Market looks weak and is likely to slide further down. The Nifty can come down to test the support range between 5367 and 5341; however, we do not envisage a close below the major support level of 5355. On the contrary, today being the fifty day of this current downswing it may stage a recovery rally on the back of short covering-more so, because today is the settlement day for the July clearing of derivatives.

The international cues are mixed: Dow fell from the day’s high by 50 points to close at 10498. Nasdaq lost ground by just above 1% to close at 2265 and the S&P 500 closed at 1106; Asian markets are emitting mixed signals with most of them are in the red while some are marginally in the green. The major ones like Japan, Hong Kong, Singapore, Taiwan, South Korea and Australia are trading in the negative territory as we write this Market Outlook.

Chances are we would also be testing lower levels between 5368 and 5341 as hinted above. Thus, initially some weakness is only expected. If the major heavy weight Reliance does not fall below the 1000-mark, it can put quite a bit of pressure on the Nifty.

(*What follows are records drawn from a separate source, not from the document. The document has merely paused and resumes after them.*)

(* Let $\mathcal{X},\mathcal{Y}$ be finite-dimensional real Hilbert spaces, $\mathcal{A}:\mathcal{X}\to\mathcal{Y}$ linear, $\mathcal{R}:\mathcal{X}\to\mathbb{R}$ $\rho$-weakly convex, and $F:\mathcal{Y}\to\mathbb{R}\cup\{+\infty\}$ proper, convex and lower semicontinuous with convex conjugate $F^*$ being $\mu$-strongly convex. Let $(z^k)=(x^k,y^k)$ be generated by the PDHGM iteration with $\vartheta=1$ and step sizes $\tau,\sigma>0$ satisfying $\tau\sigma\|\mathcal{A}\|^2<1$, $\tau\rho<1$ and $\mu\sigma>3$. Then for every $k\ge1$, \[ \mathcal{L}(z^{k},z^{k-1})-\mathcal{L}(z^{k+1},z^{k})\geqslant \frac{1}{2}(\mu\sigma-3)\|y^{k}-y^{k+1}\|_{M}^2 +\frac{1}{2}(1-\rho\tau)\|x^{k}-x^{k+1}\|_{M}^2 . \]
   Context: $f$ is $\rho$-weakly convex ($\rho\ge0$) if $f+\frac{\rho}{2}\|\cdot\|^2$ is convex, and $\mu$-strongly convex ($\mu>0$) if $f-\frac{\mu}{2}\|\cdot\|^2$ is convex. $F^*(y)=\sup_{w\in\mathcal{Y}}\{\langle y,w\rangle-F(w)\}$. $\mathcal{A}^*$ is the adjoint and $\|\mathcal{A}\|$ the operator norm. The saddle function is $L(x,y)=\mathcal{R}(x)+\langle\mathcal{A}x,y\rangle_{\mathcal{Y}}-F^*(y)$. PDHGM with $\vartheta=1$: from $z^0=(x^0,y^0)$, $x^{k+1}=\operatorname{argmin}_x\{\mathcal{R}(x)+\langle y^k,\mathcal{A}x\rangle+\frac{1}{2\tau}\|x-x^k\|^2\}$, $x_\vartheta^{k+1}=x^{k+1}+(x^{k+1}-x^k)$, $y^{k+1}=\operatorname{argmin}_y\{F^*(y)-\langle y,\mathcal{A}x_\vartheta^{k+1}\rangle+\frac{1}{2\sigma}\|y-y^k\|^2\}$. For $z=(x,y)$, $\|z\|_M^2=\frac1\tau\|x\|^2-2\langle\mathcal{A}x,y\rangle+\frac1\sigma\|y\|^2$ (i.e. $\langle z,Mz\rangle$ with $M=\begin{pmatrix}\frac1\tau I&-\mathcal{A}^*\\-\mathcal{A}&\frac1\sigma I\end{pmatrix}$); for $x\in\mathcal{X}$, $\|x\|_M=\|x\|/\sqrt\tau$, and for $y\in\mathcal{Y}$, $\|y\|_M=\|y\|/\sqrt\sigma$. The Lyapunov function is $\mathcal{L}(z,z')=L(z)+\frac12\|z'-z\|_M^2$. *)

From HB Require Import structures.
From mathcomp Require Import all_boot all_order all_algebra.
From mathcomp Require Import all_classical all_reals all_analysis.
Set Implicit Arguments. Unset Strict Implicit. Unset Printing Implicit Defensive.
Import Order.TTheory GRing.Theory Num.Theory.
Import numFieldNormedType.Exports.
Local Open Scope classical_set_scope.
Local Open Scope ring_scope.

Any weak close, even if it be above the Nifty level of 5355 but below yesterday’s close of 5397 would signal continued weakness and then we need to watch out tomorrow’s trading activity fairly closely to get a some more clarity towards a possible termination of the erstwhile intermediate uptrend that began from the low of May 25 at 4786 for the index.

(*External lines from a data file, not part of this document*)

(* Let $\Gamma_1,\Gamma_2\subseteq\{0,1\}^\infty$. If a learning function $l_1$ uniformly weakly detects that every $X\in\Gamma_1$ is patterned and a learning function $l_2$ uniformly weakly detects that every $X\in\Gamma_2$ is patterned, then there exists a learning function $l_3$ that uniformly weakly detects that every $X\in\Gamma_1\cup\Gamma_2$ is patterned. Moreover, if $l_1$ and $l_2$ are computable, then $l_3$ can be chosen computable.
   Context: A learning function is a function $l:\{0,1\}^*\to\{\mathrm{yes},\mathrm{no}\}$. $Y\upharpoonright m$ is the length-$m$ prefix of $Y$; $\lambda$ is the uniform (Lebesgue) measure on $\{0,1\}^\infty$. A learning function $l$ uniformly weakly detects that $X$ is patterned iff (i) $l(X\upharpoonright m)=\mathrm{yes}$ for infinitely many $m$, and (ii) for all $n\in\mathbb N$, $\lambda(\{Y : \#\{m: l(Y\upharpoonright m)=\mathrm{yes}\}\ge n\})\le 2^{-n}$. *)

From mathcomp Require Import all_boot all_order all_algebra.
From mathcomp Require Import all_classical all_reals ereal sequences.
From mathcomp Require Import Rstruct.
Set Implicit Arguments. Unset Strict Implicit. Unset Printing Implicit Defensive.
Import Order.TTheory GRing.Theory Num.Theory.
Local Open Scope classical_set_scope.
Local Open Scope ring_scope.

Definition cantor := nat -> bool.
Definition bstring := seq bool.

(* A learning function l : {0,1}^* -> {yes,no}; yes = true, no = false. *)
Definition learning_fn := bstring -> bool.

Definition pre (Y : cantor) (m : nat) : bstring := mkseq Y m.

Definition cyl (s : bstring) : set cantor := [set Y | pre Y (size s) = s].

(* The uniform (Lebesgue / fair-coin) measure lambda on {0,1}^oo, given by the
   standard Caratheodory outer measure generated by lambda([s]) = 2^-|s|:
   lambda(A) = inf { sum_i 2^-|c i| : A is covered by the cylinders [c i] }.
   On Borel sets this is the uniform measure. *)
Definition lambda (A : set cantor) : \bar Rdefinitions.R :=
  ereal_inf [set (\sum_(0 <= i <oo) ((2%:R : Rdefinitions.R) ^- size (c i))%:E)%E
            | c in [set c : nat -> bstring | A `<=` \bigcup_i cyl (c i)]].

(* #{ m : l (Y|`m) = yes } >= n  (the set may be infinite). *)
Definition yes_count_ge (l : learning_fn) (Y : cantor) (n : nat) : Prop :=
  exists ms : seq nat, [/\ uniq ms, size ms = n & all (fun m => l (pre Y m)) ms].

Definition unif_weak_detects (l : learning_fn) (X : cantor) : Prop :=
  (forall N : nat, exists2 m : nat, (N <= m)%N & l (pre X m)) /\
  (forall n : nat, (lambda [set Y | yes_count_ge l Y n] <= ((2%:R : Rdefinitions.R) ^- n)%:E)%E).

Definition unif_weak_detects_all (l : learning_fn) (G : set cantor) : Prop :=
  forall X, G X -> unif_weak_detects l X.

(* Codes; arguments are lists of naturals (missing arguments read as 0). *)
Inductive prf : Type :=
| PZero : prf
| PSucc : prf
| PProj : nat -> prf
| PComp : prf -> seq prf -> prf
| PRec  : prf -> prf -> prf
| PMu   : prf -> prf.

Inductive peval : prf -> seq nat -> nat -> Prop :=
| ev_zero xs : peval PZero xs 0
| ev_succ xs : peval PSucc xs (nth 0 xs 0).+1
| ev_proj i xs : peval (PProj i) xs (nth 0 xs i)
| ev_comp f gs xs ys y :
    pevals gs xs ys -> peval f ys y -> peval (PComp f gs) xs y
| ev_rec0 g h xs y : peval g xs y -> peval (PRec g h) (0 :: xs) y
| ev_recS g h n xs y z :
    peval (PRec g h) (n :: xs) y -> peval h (n :: y :: xs) z ->
    peval (PRec g h) (n.+1 :: xs) z
| ev_mu f xs n :
    peval f (n :: xs) 0 ->
    (forall k, (k < n)%N -> exists2 v, peval f (k :: xs) v & v <> 0) ->
    peval (PMu f) xs n
with pevals : seq prf -> seq nat -> seq nat -> Prop :=
| evs_nil xs : pevals [::] xs [::]
| evs_cons g gs xs y ys :
    peval g xs y -> pevals gs xs ys -> pevals (g :: gs) xs (y :: ys).

(* Binary strings coded bijectively as positive naturals: s |-> the number
   whose binary expansion is 1 followed by s. *)
Definition enc (s : bstring) : nat := foldl (fun n (b : bool) => (n.*2 + b)%N) 1%N s.

Definition computable (l : learning_fn) : Prop :=
  exists c : prf, forall s : bstring, peval c [:: enc s] (nat_of_bool (l s)).

From mathcomp Require Import all_boot all_order all_algebra all_classical all_reals ereal sequences.
From mathcomp Require Import Rstruct.
From mathcomp Require Import zify.
Import Order.TTheory GRing.Theory Num.Theory.
Set Implicit Arguments. Unset Strict Implicit. Unset Printing Implicit Defensive.
Local Open Scope classical_set_scope.

(* Run l1 and l2 in parallel and answer yes exactly when the larger of their two
   yes-counts on the prefixes seen so far reaches a new value >= 2.  Along any Y
   the combined learner has then said yes max(c1, c2) - 1 times, so n + 1 of its
   yeses force n + 2 yeses of l1 or of l2, an event of measure at most
   2 * 2^-(n+2) = 2^-(n+1); and infinitely many yeses of either learner make the
   maximum, hence the combined count, unbounded.  The combined learner is
   computable from l1 and l2, reading the prefixes of a string off its binary
   code by repeated halving.  When one of the classes is empty, its learner
   need not satisfy the measure bound, and the other learner is used alone. *)

(** * Counting yes answers *)

Section CountingHits.
Variable P : pred nat.

Lemma count_iotaS m : count P (iota 0 m.+1) = count P (iota 0 m) + P m.
Proof. by rewrite -addn1 iotaD count_cat /= addn0. Qed.

Lemma count_iota_le m : count P (iota 0 m) <= m.
Proof. by rewrite -[leqRHS](size_iota 0) count_size. Qed.

Lemma count_iota_mono m k : m <= k -> count P (iota 0 m) <= count P (iota 0 k).
Proof. by move=> /subnKC <-; rewrite iotaD count_cat leq_addr. Qed.

Lemma distinct_hitsP n :
  (exists ms : seq nat, [/\ uniq ms, size ms = n & all P ms]) <->
  exists m, n <= count P (iota 0 m).
Proof.
split=> [[ms [ums <- Pms]] | [m hm]].
  exists (\max_(k <- ms) k).+1; rewrite -size_filter.
  apply: uniq_leq_size => // k kms; rewrite mem_filter mem_iota (allP Pms) //=.
  by rewrite ltnS (@leq_bigmax_seq _ ms xpredT (fun i => i) k kms).
exists (take n [seq k <- iota 0 m | P k]); split.
- by rewrite take_uniq // filter_uniq // iota_uniq.
- by rewrite size_take size_filter; case: ltngtP hm => //; lia.
- by apply/allP => k /mem_take; rewrite mem_filter => /andP[].
Qed.

Lemma infinitely_many_hitsP :
  (forall N, exists2 m, N <= m & P m) <-> forall K, exists m, K <= count P (iota 0 m).
Proof.
split=> [hP | hK N].
  elim=> [|K [m hm]]; first by exists 0.
  have [k mk Pk] := hP m; exists k.+1.
  by rewrite count_iotaS Pk; have := count_iota_mono mk; lia.
have [m hm] := hK N.+1.
have Nm : N <= m by have := count_iota_le m; lia.
have : has P (iota N (m - N)).
  move: hm; rewrite -{1}(subnKC Nm) iotaD count_cat add0n has_count.
  by have := count_iota_le N; lia.
by case/seq.hasP=> k; rewrite mem_iota => /andP[Nk _]; exists k.
Qed.

End CountingHits.

Definition yes_count (l : learning_fn) (Y : cantor) (m : nat) : nat :=
  count (fun k => l (pre Y k)) (iota 0 m).

Lemma yes_count_geP l Y n : yes_count_ge l Y n <-> exists m, n <= yes_count l Y m.
Proof. exact: distinct_hitsP. Qed.

Lemma size_pre Y m : size (pre Y m) = m.
Proof. exact: size_mkseq. Qed.

Lemma take_pre Y m k : k <= m -> take k (pre Y m) = pre Y k.
Proof. by move=> km; rewrite /pre /mkseq -map_take take_iota (minn_idPl km). Qed.

Definition prefix_yes (l : learning_fn) (s : bstring) : nat :=
  count (fun k => l (take k s)) (iota 0 (size s).+1).

Lemma prefix_yes_pre l Y m : prefix_yes l (pre Y m) = yes_count l Y m.+1.
Proof.
rewrite /prefix_yes size_pre; apply: eq_in_count => k.
by rewrite mem_iota ltnS => /andP[_ km] /=; rewrite take_pre.
Qed.

Definition max_prefix_yes (l1 l2 : learning_fn) (s : bstring) : nat :=
  maxn (prefix_yes l1 s) (prefix_yes l2 s).

(* On [s = [::]] the "previous" prefix [take (size s).-1 s] is [s] itself, so the
   answer there is no. *)
Definition join_learner (l1 l2 : learning_fn) (s : bstring) : bool :=
  maxn 1 (max_prefix_yes l1 l2 (take (size s).-1 s)) < max_prefix_yes l1 l2 s.

Lemma yes_count_join l1 l2 Y m :
  yes_count (join_learner l1 l2) Y m = (maxn (yes_count l1 Y m) (yes_count l2 Y m)).-1.
Proof.
elim: m => [|m IH] //; rewrite /yes_count count_iotaS -/(yes_count _ _ m) IH.
rewrite /join_learner /max_prefix_yes size_pre take_pre ?leq_pred // !prefix_yes_pre.
(* at m = 0 both maxima are <= 1 *)
have -> : maxn 1 (maxn (yes_count l1 Y m.-1.+1) (yes_count l2 Y m.-1.+1)) =
          maxn 1 (maxn (yes_count l1 Y m) (yes_count l2 Y m)).
  case: m {IH} => [|m] //.
  by have := count_iota_le (fun k => l1 (pre Y k)) 1;
     have := count_iota_le (fun k => l2 (pre Y k)) 1; rewrite /yes_count /=; lia.
rewrite /yes_count !count_iotaS -!/(yes_count _ _ _).
by case: (l1 _); case: (l2 _) => /=; case: ltnP; lia.
Qed.

Lemma join_yes_count_ge l1 l2 Y n :
  yes_count_ge (join_learner l1 l2) Y n.+1 -> yes_count_ge l1 Y n.+2 \/ yes_count_ge l2 Y n.+2.
Proof.
rewrite !yes_count_geP => -[m]; rewrite yes_count_join.
by case: (leqP (yes_count l1 Y m) (yes_count l2 Y m)) => _ hm; [right | left]; exists m; lia.
Qed.

Lemma join_infinitely_many_yes (l1 l2 : learning_fn) Y :
  (forall N, exists2 m, N <= m & l1 (pre Y m)) \/ (forall N, exists2 m, N <= m & l2 (pre Y m)) ->
  forall N, exists2 m, N <= m & join_learner l1 l2 (pre Y m).
Proof.
move=> hl; apply/infinitely_many_hitsP => K.
have [m hm] : exists m, K.+1 <= maxn (yes_count l1 Y m) (yes_count l2 Y m).
  case: hl => /infinitely_many_hitsP/(_ K.+1) [m hm]; exists m; rewrite /yes_count; lia.
by exists m; rewrite -/(yes_count _ _ _) yes_count_join; lia.
Qed.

Unless the weekly close tomorrow happens above the Nifty level of 5450, the overhang of weakness would remain.

Rajat K. Bose

Notes:
* All prices relate to the NSE, unless otherwise mentioned.
*

Stop-loss levels are given so that there is a level below/above, which the market will tell us that the call has gone wrong. Stop-loss is an essential risk control mechanism; it should always be there.

*

Book, at least, part profits when the prices reach their targets; if you continue to hold on to positions then use trailing stops to lock in your profits.

*

Don't chase a stock, if you are unable to buy a stock because it hits circuit levels on successive days, don't buy that.

* The analyst and his clients may or may not have positions in the securities mentioned above.
*

Trading involves considerable risk. Trade at your own risk to the extent you are comfortable. The analyst shall not be responsible for any losses incurred for acting on these recommendations.